Salvage – This is the auto insurance policy holders property that is turned over tot eh insurance agency in a loss final settlement. Insurance companies will sell the salvage property in hopes to recoup some of its monetary loss due to the loss and settlement.

Second Party – this is the actual insurance company in the auto insurance policy.

Surcharge – This is the amount added to your auto insurance policy premium after a traffic violation or an accident in which you were found to be at fault.

Third Party – This is another person other than the policy holder and auto insurance company who has faced a loss and may be able to collect and be compensated on behalf of the policy holder’s negligence.

Total Loss – This is complete destruction to the insured property of a policy holder. It has been determined that it would be a great sum of money to repair the item rather than replace the insured piece of property to its state prior to the loss.

Towing Coverage – This is the portion of the auto insurance policy that covers a specified amount for towing services and related labor costs.

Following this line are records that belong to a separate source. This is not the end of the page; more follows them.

Definition gpow_nat {G : group} (x : G) (n : nat) : G :=
  Nat.iter n (gmul x) gone.
Definition gpow {G : group} (x : G) (k : Z) : G :=
  match k with
  | Z0 => gone
  | Zpos p => gpow_nat x (Pos.to_nat p)
  | Zneg p => ginv (gpow_nat x (Pos.to_nat p))
  end.

(* conjugation, following the paper's notation  x^y = y x y^{-1} *)
Definition gconj {G : group} (x y : G) : G := gmul y (gmul x (ginv y)).

Definition gprod {G : group} (l : list G) : G := fold_right gmul gone l.

Inductive generated {G : group} (S : G -> Prop) : G -> Prop :=
| gen_in x : S x -> generated S x
| gen_one : generated S gone
| gen_mul x y : generated S x -> generated S y -> generated S (gmul x y)
| gen_inv x : generated S x -> generated S (ginv x).

(* Unrestricted wreath product  A Wr Z  with Z = <t> infinite cyclic.
   An element f t^k (f : Z -> A, the function t^x |-> f x) is the pair (f, k).
   Since t^k f t^-k = f^{t^k} with f^{t^k}(t^x) = f(t^(x+k)),
   (f,k)(g,m) = (x |-> f x * g (x+k), k+m). *)
Definition wr_mul (A : group) (u v : (Z -> A) * Z) : (Z -> A) * Z :=
  (fun x => gmul (fst u x) (fst v (x + snd u)), snd u + snd v).
Definition wr_one (A : group) : (Z -> A) * Z := (fun _ => gone, 0).
Definition wr_inv (A : group) (u : (Z -> A) * Z) : (Z -> A) * Z :=
  (fun x => ginv (fst u (x - snd u)), - snd u).

Lemma wr_mulA (A : group) x y z :
  wr_mul A x (wr_mul A y z) = wr_mul A (wr_mul A x y) z.
Proof.
  destruct x as [f k], y as [g m], z as [h n]; unfold wr_mul; simpl.
  f_equal; [apply functional_extensionality; intro t; rewrite gmulA, Z.add_assoc; reflexivity | lia].
Qed.

Lemma wr_mul1 (A : group) x : wr_mul A (wr_one A) x = x.
Proof.
  destruct x as [f k]; unfold wr_mul, wr_one; simpl.
  f_equal; apply functional_extensionality; intro t; rewrite gmul1, Z.add_0_r; reflexivity.
Qed.

Lemma wr_mulV (A : group) x : wr_mul A (wr_inv A x) x = wr_one A.
Proof.
  destruct x as [f k]; unfold wr_mul, wr_inv, wr_one; simpl.
  f_equal; [apply functional_extensionality; intro t; rewrite Z.add_opp_r, gmulV; reflexivity | lia].
Qed.

Definition WrZ (A : group) : group :=
  Group ((Z -> A) * Z) (wr_mul A) (wr_one A) (wr_inv A) (wr_mulA A) (wr_mul1 A) (wr_mulV A).

Definition wr_top (A : group) : WrZ A := (fun _ => gone, 1).
Definition wr_base {A : group} (u : WrZ A) : Z -> A := fst u.

(* --- The groups of the paper, given H and its generators a^(1), a^(2), ... (a : nat -> H, a 0 unused) --- *)

Definition z_el (H : group) : WrZ H := wr_top H.
Definition b_el (H : group) (a : nat -> H) (i : nat) : WrZ H :=
  (fun k => if 0 <? k then a i else gone, 0).

(* K <= H Wr Z; we work in the ambient group (H Wr Z) Wr <s>, which contains
   K Wr <s> (and hence G = <c, s>) as a subgroup. *)
Definition KWr (H : group) : group := WrZ (WrZ H).

(* c : s^1 |-> z, s^(2^i) |-> b^(i) (i > 0), s^k |-> 1 otherwise *)
Definition c_fun (H : group) (a : nat -> H) (mu : Z) : WrZ H :=
  if mu =? 1 then z_el H
  else if andb (1 <? mu) (2 ^ Z.log2 mu =? mu) then b_el H a (Z.to_nat (Z.log2 mu))
  else gone.
Definition c_el (H : group) (a : nat -> H) : KWr H := (c_fun H a, 0).
Definition s_el (H : group) : KWr H := wr_top (WrZ H).

Definition F_el (H : group) (a : nat -> H) (n : nat) (gam bet : nat -> Z) : KWr H :=
  gprod (map (fun i => gpow (gconj (c_el H a) (gpow (s_el H) (gam i))) (bet i)) (seq 1 n)).

Definition block_sum (n : nat) (gam bet : nat -> Z) (i : nat) : Z :=
  fold_right Z.add 0 (map bet (filter (fun j => gam j =? gam i) (seq 1 n))).

Definition gam0 (n : nat) (gam : nat -> Z) : Z :=
  fold_right Z.max 0 (map (fun j => Z.abs (gam j)) (seq 1 n)).

From Stdlib Require Import ZArith List Lia Bool FunctionalExtensionality.
Open Scope Z_scope.

(* Write F = (f, 0) in the base group, so that f(mu) = prod_j c(s^(mu + gam_j))^(bet_j)
   and w = (f, gamma); thus w = 1 iff gamma = 0 and f = 1 everywhere.  The function c
   lives on the powers of two and has z-exponent 1 exactly at s^1, so the z-exponent of
   f(s^(1 - gam_i)) is the block sum of B_i: the conditions are necessary.  Conversely,
   for mu < -3 gam_0 no position mu + gam_j is positive, and for mu > 3 gam_0 all of them
   lie in [mu - gam_0, 2 (mu - gam_0)), which contains at most one power of two; so f(mu)
   is a power of a single value of c whose exponent is a block sum, hence trivial. *)

Arguments gmulA {g}. Arguments gmul1 {g}. Arguments gmulV {g}.

Section GroupFacts.
Variable G : group.
Implicit Types x y u v : G.

Lemma gmulVr x : gmul x (ginv x) = gone.
Proof.
  rewrite <- (gmul1 (gmul x (ginv x))), <- (gmulV (ginv x)) at 1.
  rewrite <- gmulA, (gmulA (ginv x) x (ginv x)), gmulV, gmul1.
  apply gmulV.
Qed.

Lemma gmul1r x : gmul x gone = x.
Proof. rewrite <- (gmulV x), gmulA, gmulVr, gmul1. reflexivity. Qed.

Lemma ginv_unique u v : gmul u v = gone -> u = ginv v.
Proof. intro E. rewrite <- (gmul1r u), <- (gmulVr v), gmulA, E, gmul1. reflexivity. Qed.

Lemma ginv1 : @ginv G gone = gone.
Proof. symmetry; apply ginv_unique, gmul1. Qed.

Lemma ginvM x y : ginv (gmul x y) = gmul (ginv y) (ginv x).
Proof.
  symmetry; apply ginv_unique.
  rewrite <- gmulA, (gmulA (ginv x) x y), gmulV, gmul1, gmulV. reflexivity.
Qed.

Lemma gprod_cons x l : gprod (x :: l) = gmul x (gprod l).
Proof. reflexivity. Qed.

Lemma gmul_gpow_nat_comm x m : gmul x (gpow_nat x m) = gmul (gpow_nat x m) x.
Proof.
  induction m as [|m IH]; simpl.
  - rewrite gmul1r, gmul1. reflexivity.
  - rewrite <- gmulA, <- IH. reflexivity.
Qed.

Lemma gpowS x k : gpow x (Z.succ k) = gmul x (gpow x k).
Proof.
  destruct k as [|p|p].
  - reflexivity.
  - rewrite <- Pos2Z.inj_succ. simpl. rewrite Pos2Nat.inj_succ. reflexivity.
  - destruct (Pos.succ_pred_or p) as [->|Hp].
    + simpl. rewrite gmul1r, gmulVr. reflexivity.
    + rewrite <- Hp. replace (Z.succ (Zneg (Pos.succ (Pos.pred p)))) with (Zneg (Pos.pred p)) by lia.
      unfold gpow. rewrite Pos2Nat.inj_succ. simpl.
      rewrite gmul_gpow_nat_comm, ginvM, gmulA, gmulVr, gmul1. reflexivity.
Qed.

Lemma gpowP x k : gpow x (Z.pred k) = gmul (ginv x) (gpow x k).
Proof. rewrite <- (Z.succ_pred k) at 2. rewrite gpowS, gmulA, gmulV, gmul1. reflexivity. Qed.

Lemma gpowD x k m : gpow x (k + m) = gmul (gpow x k) (gpow x m).
Proof.
  induction k as [|k IH|k IH] using Z.peano_ind.
  - simpl. rewrite gmul1. reflexivity.
  - rewrite Z.add_succ_l, !gpowS, IH, gmulA. reflexivity.
  - rewrite Z.add_pred_l, !gpowP, IH, gmulA. reflexivity.
Qed.

Lemma gpow1g k : gpow (@gone G) k = gone.
Proof.
  assert (E : forall m, gpow_nat (@gone G) m = gone).
  { induction m as [|m IH]; simpl; [reflexivity | rewrite IH, gmul1; reflexivity]. }
  destruct k; simpl; rewrite ?E, ?ginv1; reflexivity.
Qed.

Lemma gprod_gpow_indicator (y : nat -> G) (x : G) (P : nat -> bool) (b : nat -> Z) l :
  (forall j, In j l -> y j = if P j then x else gone) ->
  gprod (map (fun j => gpow (y j) (b j)) l) = gpow x (fold_right Z.add 0 (map b (filter P l))).
Proof.
  induction l as [|j l IH]; intro Hy; [reflexivity|].
  simpl map. rewrite gprod_cons, IH by (intros; apply Hy; right; assumption).
  rewrite (Hy j) by (left; reflexivity).
  destruct (P j); simpl.
  - rewrite gpowD. reflexivity.
  - rewrite gpow1g, gmul1. reflexivity.
Qed.

End GroupFacts.

Lemma sum_mul_indicator (P : nat -> bool) (b : nat -> Z) l :
  fold_right Z.add 0 (map (fun j => b j * (if P j then 1 else 0)) l)
  = fold_right Z.add 0 (map b (filter P l)).
Proof. induction l as [|j l IH]; simpl; [reflexivity|]. destruct (P j); simpl; rewrite IH; lia. Qed.

Section WreathFacts.
Variable A : group.

Lemma wr_eq (f g : Z -> A) k m :
  (forall x, f x = g x) -> k = m -> ((f, k) : WrZ A) = (g, m).
Proof. intros Efg ->. f_equal. apply functional_extensionality, Efg. Qed.

Lemma wr_pow_top k : gpow (wr_top A) k = ((fun _ => gone, k) : WrZ A).
Proof.
  assert (E : forall m, gpow_nat (wr_top A) m = ((fun _ => gone, Z.of_nat m) : WrZ A)).
  { induction m as [|m IH]; [reflexivity|].
    simpl gpow_nat. rewrite IH. apply wr_eq; [intro; apply gmul1 | cbn [snd wr_top]; lia]. }
  destruct k as [|p|p]; simpl; rewrite ?E, ?positive_nat_Z; [reflexivity | reflexivity|].
  apply wr_eq; [intro; apply ginv1 | reflexivity].
Qed.

Lemma wr_pow_base (f : Z -> A) k :
  gpow ((f, 0) : WrZ A) k = ((fun x => gpow (f x) k, 0) : WrZ A).
Proof.
  assert (E : forall m, gpow_nat ((f, 0) : WrZ A) m = ((fun x => gpow_nat (f x) m, 0) : WrZ A)).
  { induction m as [|m IH]; [reflexivity|].
    simpl gpow_nat. rewrite IH. apply wr_eq; [intro x; simpl; rewrite Z.add_0_r | ]; reflexivity. }
  destruct k as [|p|p]; simpl; rewrite ?E; [reflexivity | reflexivity |].
  apply wr_eq; [intro x; simpl; rewrite Z.sub_0_r | ]; reflexivity.
Qed.

Lemma wr_conj_top (f : Z -> A) k :
  gconj ((f, 0) : WrZ A) (gpow (wr_top A) k) = ((fun x => f (x + k), 0) : WrZ A).
Proof.
  rewrite wr_pow_top. apply wr_eq; simpl.
  - intro x. rewrite ginv1, gmul1, gmul1r. reflexivity.
  - lia.
Qed.

Lemma wr_prod_base (fs : nat -> Z -> A) l :
  gprod (map (fun i => ((fs i, 0) : WrZ A)) l)
  = ((fun x => gprod (map (fun i => fs i x) l), 0) : WrZ A).
Proof.
  induction l as [|i l IH]; [reflexivity|].
  simpl map. rewrite gprod_cons.
  transitivity (gmul ((fs i, 0) : WrZ A) ((fun x => gprod (map (fun i => fs i x) l), 0) : WrZ A));
    [f_equal; exact IH |].
  apply wr_eq; [intro x; simpl; rewrite Z.add_0_r |]; reflexivity.
Qed.

Lemma wr_snd_pow (u : WrZ A) k : snd (gpow u k) = k * snd u.
Proof.
  assert (E : forall m, snd (gpow_nat u m) = Z.of_nat m * snd u).
  { induction m as [|m IH]; [reflexivity|].
    change (snd u + snd (gpow_nat u m) = Z.of_nat (S m) * snd u). rewrite IH. lia. }
  destruct k as [|p|p]; [reflexivity | |].
  - change (snd (gpow_nat u (Pos.to_nat p)) = Zpos p * snd u). rewrite E, positive_nat_Z. lia.
  - change (- snd (gpow_nat u (Pos.to_nat p)) = Zneg p * snd u). rewrite E, positive_nat_Z. lia.
Qed.

Lemma wr_snd_prod_pow (u : nat -> WrZ A) (b : nat -> Z) l :
  snd (gprod (map (fun j => gpow (u j) (b j)) l))
  = fold_right Z.add 0 (map (fun j => b j * snd (u j)) l).
Proof.
  induction l as [|j l IH]; [reflexivity|].
  simpl map. rewrite gprod_cons. simpl fold_right. rewrite <- IH, <- wr_snd_pow. reflexivity.
Qed.

Lemma wr_mul_base_top_eq1 (f : Z -> A) k :
  gmul ((f, 0) : WrZ A) (fun _ => gone, k) = gone <-> k = 0 /\ forall x, f x = gone.
Proof.
  split.
  - intro E. split.
    + apply (f_equal snd) in E. simpl in E. lia.
    + intro x. apply (f_equal (fun w => fst w x)) in E. simpl in E.
      rewrite gmul1r in E. exact E.
  - intros [-> Ef]. apply wr_eq; [intro x; simpl; rewrite Ef, gmul1 |]; reflexivity.
Qed.

End WreathFacts.
(* For every k, the positive connection of gamma to B yields a sequence P_k that
   coincides with gamma up to index k, continues into a sequence of Sigma(B), and
   has Markov value below m + 2^-k; the negative connection yields the mirror image
   N_k, whose left tail can be read inside Sigma(B) because B is symmetric and a
   continued fraction determines its digits.  Transitivity of B bridges the tail of
   P_k to the head of N_(k+1) by a sequence of Sigma(B), of Markov value <= x < m.
   Concatenating N_0 P_0 bridge N_1 P_1 bridge ... gives a sequence alpha in which
   the central blocks of gamma of every radius reappear, so l(alpha) >= m, while far
   out every window of alpha of radius k is copied from a piece of Markov value at
   most m + 2^-k.  As windows of radius w determine lambda_0 up to 16 * 2^-w,
   l(alpha) = m. *)

From Stdlib Require Import Reals ZArith List Lia Lra Psatz.
From Stdlib Require Import FunctionalExtensionality IndefiniteDescription.
From Coquelicot Require Import Coquelicot.
Open Scope R_scope.

(** * Continued fractions and lambda_0 *)

Definition cf_digits (f : nat -> nat) : Prop := forall i, (1 <= i)%nat -> (1 <= f i)%nat.
Definition pos_nat (f : nat -> nat) : Prop := forall i, (1 <= f i)%nat.

Lemma INR_ge_1 n : (1 <= n)%nat -> 1 <= INR n.
Proof. intros H; apply (le_INR 1) in H; simpl in H; lra. Qed.

Lemma cf_digits_tail f : cf_digits f -> pos_nat (fun k => f (S k)).
Proof. intros H i; apply H; lia. Qed.

Lemma pos_nat_cf_digits f : pos_nat f -> cf_digits f.
Proof. intros H i _; apply H. Qed.

Lemma inv_le_1 a : 1 <= a -> 0 < / a <= 1.
Proof.
  intros Ha; split; [apply Rinv_0_lt_compat; lra|].
  rewrite <- Rinv_1; apply Rinv_le_contravar; lra.
Qed.

Lemma cf_fin_bounds : forall n f, cf_digits f -> INR (f O) <= cf_fin n f <= INR (f O) + 1.
Proof.
  induction n as [|n IH]; intros f Hf; simpl; [lra|].
  pose proof (IH _ (pos_nat_cf_digits _ (cf_digits_tail _ Hf))) as Hn; simpl in Hn.
  pose proof (INR_ge_1 _ (Hf 1%nat ltac:(lia))).
  pose proof (inv_le_1 (cf_fin n (fun k => f (S k))) ltac:(lra)).
  lra.
Qed.

Lemma cf_fin_ge_1 n f : pos_nat f -> 1 <= cf_fin n f.
Proof.
  intros Hf; pose proof (cf_fin_bounds n f (pos_nat_cf_digits _ Hf)).
  pose proof (INR_ge_1 _ (Hf O)); lra.
Qed.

Under insured Driver – This is the portion of an auto insurance policy which covers injuries to you caused by a driver without enough insurance to pay for the medical expenses you have incurred from the accident. This is portion of the policy can vary state by state as some states include damage to the car in this section.

Uninsured Driver or Motorist – This is the portion of the auto insurance policy which covers injuries to you caused by a driver who was without liability insurance at the time of the accident. Uninsured driver or motorist coverage comes in two different sections; uninsured motorist bodily injury and uninsured motorist property damage. Uninsured motorist bodily injury coverage covers the injuries to you or any passenger in your vehicle when there is an accident with an uninsured driver. Uninsured motorist property damage coverage covers the cost for the property damage to your vehicle when there is an accident with an identified uninsured driver. Uninsured driver or motorist coverage must be offered when you purchase the required liability coverage for your vehicle. You must sign a declination waiver if you decline Uninsured driver or motorist coverage. The majority of states require drivers to carry some form of uninsured motorist coverage. Some states include damages to your car in this coverage.

Vehicle Identification Number or VIN – A VIN is a 17 letter and number combination that is the identification of the specific vehicle. It will identify the make, modem and year of the automobile. This number is typically located on the driver’s side window on the dash. It can also be found on the vehicles registration and title.